Summary

​

Under the direction of Digital Technology Management, the Security Analyst for Information Security will report to the Cybersecurity Manager and be a key member of the security team.

​

This important role will coordinate the cyber security review of company IT initiatives either directly or through IT service providers.  This includes conducting security risk assessments, identifying threats and vulnerabilities, and presenting recommendations to address them. This position will also help ensure company compliance with local and global information security policies as well as responding to requests for evidence from internal and external auditors.

​

This position will be based in the Kia US headquarters in Irvine, California.

​

Company Overview

​

At Kia, we’re creating award-winning products and redefining what value means in the automotive industry. It takes a special group of individuals to do what we do, and we do it together. Our culture is fast-paced, collaborative, and innovative. Our people thrive on thinking differently and challenging the status quo. We are creating something special here, a culture of learning and opportunity, where you can help Kia achieve big things and most importantly, feel passionate and connected to your work every day.
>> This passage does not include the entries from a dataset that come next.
Lemma layered_pebbling_cost :
  bw_cost (#|S| + d).+1 blacks whites <= #|S| * (#|S| + 1) %/ 2 + d * #|V|.
Proof.
rewrite /bw_cost big_nat_recr //= {2}/blacks {2}/whites ltnn setU0 cards0 addn0.
rewrite (@big_cat_nat _ _ _ #|S|.+1) ?ltnS ?leq_addr //=; apply: leq_add.
  rewrite -triangular_sum big_nat_cond [leqRHS]big_nat_cond.
  apply: leq_sum => i /andP[/andP[i1 iS] _].
  have iSd : i <= #|S| + d by lia.
  rewrite /blacks /whites iSd (_ : i - #|S| = 0) ?set0U ?cardsE; last by lia.
  by apply: leq_trans (card_size _) _; rewrite size_take; case: ltnP.
apply: (@leq_trans (\sum_(#|S|.+1 <= i < (#|S| + d).+1) #|V|)).
  by apply: leq_sum => i _; apply: max_card.
by rewrite sum_nat_const_nat -addSn addKn.
Qed.

End LayeredPebbling.

Lemma ccBW_le_depth_minus (V : finType) (E : rel V) (S : {set V}) (d : nat) :
  depth_minus_le E S d -> ccBW_le E (#|S| * (#|S| + 1) %/ 2 + d * #|V|).
Proof.
move=> depthS; exists (#|S| + d).+1, (blacks E S d), (whites S d).
by split; [apply: layered_pebbling | apply: layered_pebbling_cost].
Qed.

Lemma ccBW_le_reducible (V : finType) (E : rel V) (e d : nat) :
  reducible E e d -> ccBW_le E (e * (e + 1) %/ 2 + d * #|V|).
Proof.
case=> S [Se depthS]; apply: ccBW_leW (ccBW_le_depth_minus depthS) _.
by rewrite leq_add2r leq_div2r // leq_mul // leq_add2r.
Qed.

Lemma ccBW_le_square (V : finType) (E : rel V) : ccBW_le E (#|V| * #|V|).
Proof.
have depthV : depth_minus_le E [set: V] 0 by move=> x p _ /andP[]; rewrite inE.
apply: ccBW_leW (ccBW_le_depth_minus depthV) _.
by rewrite cardsT mul0n addn0 -ltnS ltn_divLR //; nia.
Qed.

(* Position of the most significant bit, among the [f] lowest ones, at which
   [a] and [b] differ; [0] when they agree on those bits. *)
Fixpoint diff_bit (f a b : nat) : nat :=
  if f is f'.+1 then (if a./2 == b./2 then 0 else (diff_bit f' a./2 b./2).+1) else 0.

Lemma diff_bit_max f a b c : a <= b -> b <= c ->
  diff_bit f a c = maxn (diff_bit f a b) (diff_bit f b c).
Proof.
elim: f a b c => [|f IHf] a b c ab bc //=.
have h1 := half_leq ab; have h2 := half_leq bc.
case: eqP => [Eac|Nac].
  have Eab : a./2 = b./2 by lia.
  have Ebc : b./2 = c./2 by lia.
  by rewrite Eab Ebc eqxx.
case: eqP => [Eab|Nab]; case: eqP => [Ebc|Nbc].
- by case: Nac; rewrite Eab Ebc.
- by rewrite Eab max0n.
- by rewrite -Ebc maxn0.
- by rewrite (IHf a./2 b./2 c./2) // maxnSS.
Qed.

Lemma diff_bit_odd f a b : a < 2 ^ f -> b < 2 ^ f -> a != b ->
  odd (a %/ 2 ^ diff_bit f a b) != odd (b %/ 2 ^ diff_bit f a b).
Proof.
elim: f a b => [|f IHf] a b ha hb nab /=.
  by move: ha hb nab; rewrite expn0; case: a => //; case: b.
case: (a./2 =P b./2) => [E|N].
  rewrite expn0 !divn1; apply: contra nab => /eqP Eo.
  by rewrite -[a]odd_double_half -[b]odd_double_half E Eo.
rewrite expnS !divnMA !divn2; apply: IHf; last by apply/eqP.
  by rewrite -divn2 ltn_divLR // mulnC -expnS.
by rewrite -divn2 ltn_divLR // mulnC -expnS.
Qed.

Lemma diff_bit_lt f a b : a < 2 ^ f -> b < 2 ^ f -> a != b -> diff_bit f a b < f.
Proof.
elim: f a b => [|f IHf] a b ha hb nab /=.
  by move: ha hb nab; rewrite expn0; case: a => //; case: b.
case: eqP => // N; rewrite ltnS; apply: IHf; last by apply/eqP.
  by rewrite -divn2 ltn_divLR // mulnC -expnS.
by rewrite -divn2 ltn_divLR // mulnC -expnS.
Qed.

Lemma exists_mul_le_sum k (F : 'I_k -> nat) : 0 < k ->
  exists c, k * F c <= \sum_(i < k) F i.
Proof.
move=> k0; have [c _ Fmin] := arg_minnP F (isT : predT (Ordinal k0)).
exists c; rewrite -[X in X * _](card_ord k) -sum_nat_const.
by apply: leq_sum => i _; apply: Fmin.
Qed.

Lemma card_ord_modn_neq r k (c : 'I_k) :
  #|[set i : 'I_r | i %% k != c]| <= r - r %/ k.
Proof.
have k0 : 0 < k by case: c => c'; case: k => // _ /ltn0.
set T := [set i : 'I_r | i %% k == c].
have bound (q : 'I_(r %/ k)) : c + k * q < r.
  apply: leq_trans (leq_divM r k); rewrite [_ * k]mulnC.
  apply: leq_trans (_ : k * q.+1 <= _); last by rewrite leq_mul2l ltn_ord orbT.
  by rewrite mulnS [c + _]addnC [k + _]addnC ltn_add2l.
pose f (q : 'I_(r %/ k)) : 'I_r := Ordinal (bound q).
have f_inj : injective f.
  by move=> q1 q2 /(congr1 val) /= /addnI /eqP; rewrite eqn_mul2l eqn0Ngt k0 => /eqP/val_inj.
have rkT : r %/ k <= #|T|.
  rewrite -[X in X <= _](card_ord (r %/ k)) -(card_imset _ f_inj).
  apply/subset_leq_card/subsetP => _ /imsetP[q _ ->].
  by rewrite inE /= addnC mulnC modnMDl modn_small.
have := cardsC T; rewrite card_ord (_ : ~: T = [set i : 'I_r | i %% k != c]); first by lia.
by apply/setP => i; rewrite !inE.
Qed.

Lemma depth_minus_leW (V : finType) (E : rel V) (S : {set V}) d d' :
  depth_minus_le E S d -> d <= d' -> depth_minus_le E S d'.
Proof. by move=> depthS dd' x p pth allS; apply: leq_trans (depthS x p pth allS) dd'. Qed.

Section TopologicalRank.
Variables (V : finType) (E : rel V).
Hypothesis dagE : dag E.

Lemma dag_edge_not_back u v : connect E v u -> ~~ E u v.
Proof.
case/connectP => p pth lst; apply/negP => Euv.
have := dagE (x := v) (p := rcons p v).
by rewrite rcons_path pth -lst Euv mem_rcons inE eqxx => /(_ isT).
Qed.

Definition ancestors v := [set u | (u != v) && connect E u v].

Definition topo_rank v := #|ancestors v|.

Lemma topo_rank_edge u v : E u v -> topo_rank u < topo_rank v.
Proof.
move=> Euv; apply/proper_card/properP; split.
  apply/subsetP => w; rewrite !inE => /andP[_ cwu].
  rewrite (connect_trans cwu (connect1 Euv)) andbT.
  by apply/eqP => wv; have := dag_edge_not_back cwu; rewrite wv Euv.
exists u; last by rewrite inE eqxx.
rewrite inE connect1 // andbT; apply/eqP => uv; move: Euv; rewrite uv.
exact/negP/dag_edge_not_back/connect0.
Qed.

Lemma topo_rank_lt_card v : topo_rank v < #|V|.
Proof.
rewrite -cardsT; apply/proper_card/properP; split; first exact: subsetT.
by exists v; rewrite ?inE ?eqxx.
Qed.

Section BitPatterns.
Variables (r : nat) (A : {set 'I_r}) (S : {set V}).
Hypothesis topo_rank_small : forall v, topo_rank v < 2 ^ r.

Definition in_bits h := [exists i in A, val i == h].

Hypothesis edge_in_bits :
  forall u v, E u v -> v \notin S -> in_bits (diff_bit r (topo_rank u) (topo_rank v)).

Lemma path_in_bits x p : path E x p -> all (fun w => w \notin S) p ->
  forall y, y \in p ->
    topo_rank x < topo_rank y /\ in_bits (diff_bit r (topo_rank x) (topo_rank y)).
Proof.
elim: p x => [|z p IHp] x //= /andP[Exz pz] /andP[zS aS] y.
rewrite inE => /orP[/eqP -> |yp]; first by split; [apply: topo_rank_edge | apply: edge_in_bits].
have [lzy gzy] := IHp z pz aS y yp.
have lxz := topo_rank_edge Exz.
split; first exact: ltn_trans lzy.
rewrite (diff_bit_max _ (ltnW lxz) (ltnW lzy)).
by case: leqP => _ //; apply: edge_in_bits.
Qed.

Definition bit_pattern z := [set i in A | odd (topo_rank z %/ 2 ^ i)].

Lemma bit_pattern_neq x y : topo_rank x < topo_rank y ->
  in_bits (diff_bit r (topo_rank x) (topo_rank y)) -> bit_pattern x != bit_pattern y.
Proof.
move=> lxy /existsP[i /andP[iA /eqP hi]].
have := diff_bit_odd (topo_rank_small x) (topo_rank_small y) (negbT (ltn_eqF lxy)).
rewrite -hi; apply: contra => /eqP pe.
by have := congr1 (fun B : {set 'I_r} => i \in B) pe; rewrite /= !inE iA /= => ->.
Qed.

Lemma uniq_bit_patterns x p : path E x p -> all (fun w => w \notin S) p ->
  uniq (map bit_pattern (x :: p)).
Proof.
elim: p x => [|z p IHp] x //= /andP[Exz pz] /andP[zS aS].
rewrite /= in IHp; rewrite IHp // andbT inE negb_or.
have xzp : path E x (z :: p) by rewrite /= Exz.
have azp : all (fun w => w \notin S) (z :: p) by rewrite /= zS.
apply/andP; split.
  by apply: bit_pattern_neq (topo_rank_edge Exz) (edge_in_bits Exz zS).
apply/mapP => -[y yp /eqP]; apply/negP.
have yzp : y \in z :: p by rewrite inE yp orbT.
have [lxy gxy] := path_in_bits xzp azp yzp.
exact: bit_pattern_neq lxy gxy.
Qed.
• Coordinates security risk assessment activities for IT projects. Works closely with business units in support of new, or upgraded, technology solutions. Works with IT service providers to conduct vendor risk assessments and perform penetration tests. (30%)
• Coordinates Kia’s portion of security audits including the annual Kia HQ security assessment and annual Financial Systems audits. Works with Kia business units and IT service providers to gather evidence in response to audit requests.  (30%)
• Works closely with Kia America Cybersecurity and Privacy attorney to comply with new and emerging privacy laws and regulations. Takes lead on data lineage and data leakage prevention activities. (20%)
• Provides security consulting services to key stakeholders such as the Connected Car group and Legal. (20%)

Required Qualifications

​

• Bachelor’s degree or comparative experience with emphasis on information security
• 5 years of experience in an organization with mature security processes
• 3 years of experience as a security analyst
• Exposure to ISO 27001, NIST 800-53 and/or CIS Top 18 Critical Controls
• Familiar with privacy regulations and compliance requirements
• Familiar with the information security auditing process and evidence collection
• Must be proactive, self-motivated, and lead team to multiple concurrent solutions.

​

Preferred Qualifications

​

• Advanced degree and/or certification(s) in cyber security a plus

Skills

​

• Ability to assess systems support operations and lead process improvement.
• Ability to manage external vendors in the development and delivery of related products, programs, and services.
• Excellent customer service ability and strong verbal and written communication skills
• Requires high-level organizational, planning, analytical, and technical skills.

​

Competencies

​

• CHALLENGE - Solving Complex Problems
• COLLABORATION - Building and Supporting Teams
• CUSTOMER - Serving Customers
• GLOBALITY - Showing Community and Social Responsibility
• PEOPLE - Interacting with People at Different Levels

​

Equal Employment Opportunities

​

KUS provides equal employment opportunities (EEO) to all employees and applicants for employment without regard to race, color, religion, ancestry, national origin, sex, including pregnancy and childbirth and related medical conditions, gender, gender identity, gender expression, age, legally protected physical disability or mental disability, legally protected medical condition, marital status, sexual orientation, family care or medical leave status, protected veteran or military status, genetic information or any other characteristic protected by applicable law.  KUS complies with applicable law governing non-discrimination in employment in every location in which KUS has offices.  The KUS EEO policy applies to all areas of employment, including recruitment, hiring, training, promotion, compensation, benefits, discipline, termination and all other privileges, terms and conditions of employment.

​

Disclaimer

​

The above information on this job description has been designed to indicate the general nature and level of work performed by employees within this classification and for this position.  It is not designed to contain or be interpreted as a comprehensive inventory of all duties, responsibilities, and qualifications required of employees assigned to this job.

Description

​

Play a vital role in shaping the future of an iconic company and make a direct impact in a dynamic environment designed for top achievers.

​

As a Senior Lead Cybersecurity Architect at JPMorgan Chase within the Corporate Technology Cybersecurity and Tech Controls line of business, you are an integral part of a team that works to develop high-quality cybersecurity solutions for various software applications and platform products. Drive significant business impact through your capabilities and contributions, and apply deep technical expertise and problem-solving methodologies to tackle a diverse array of cybersecurity challenges that span multiple technology domains.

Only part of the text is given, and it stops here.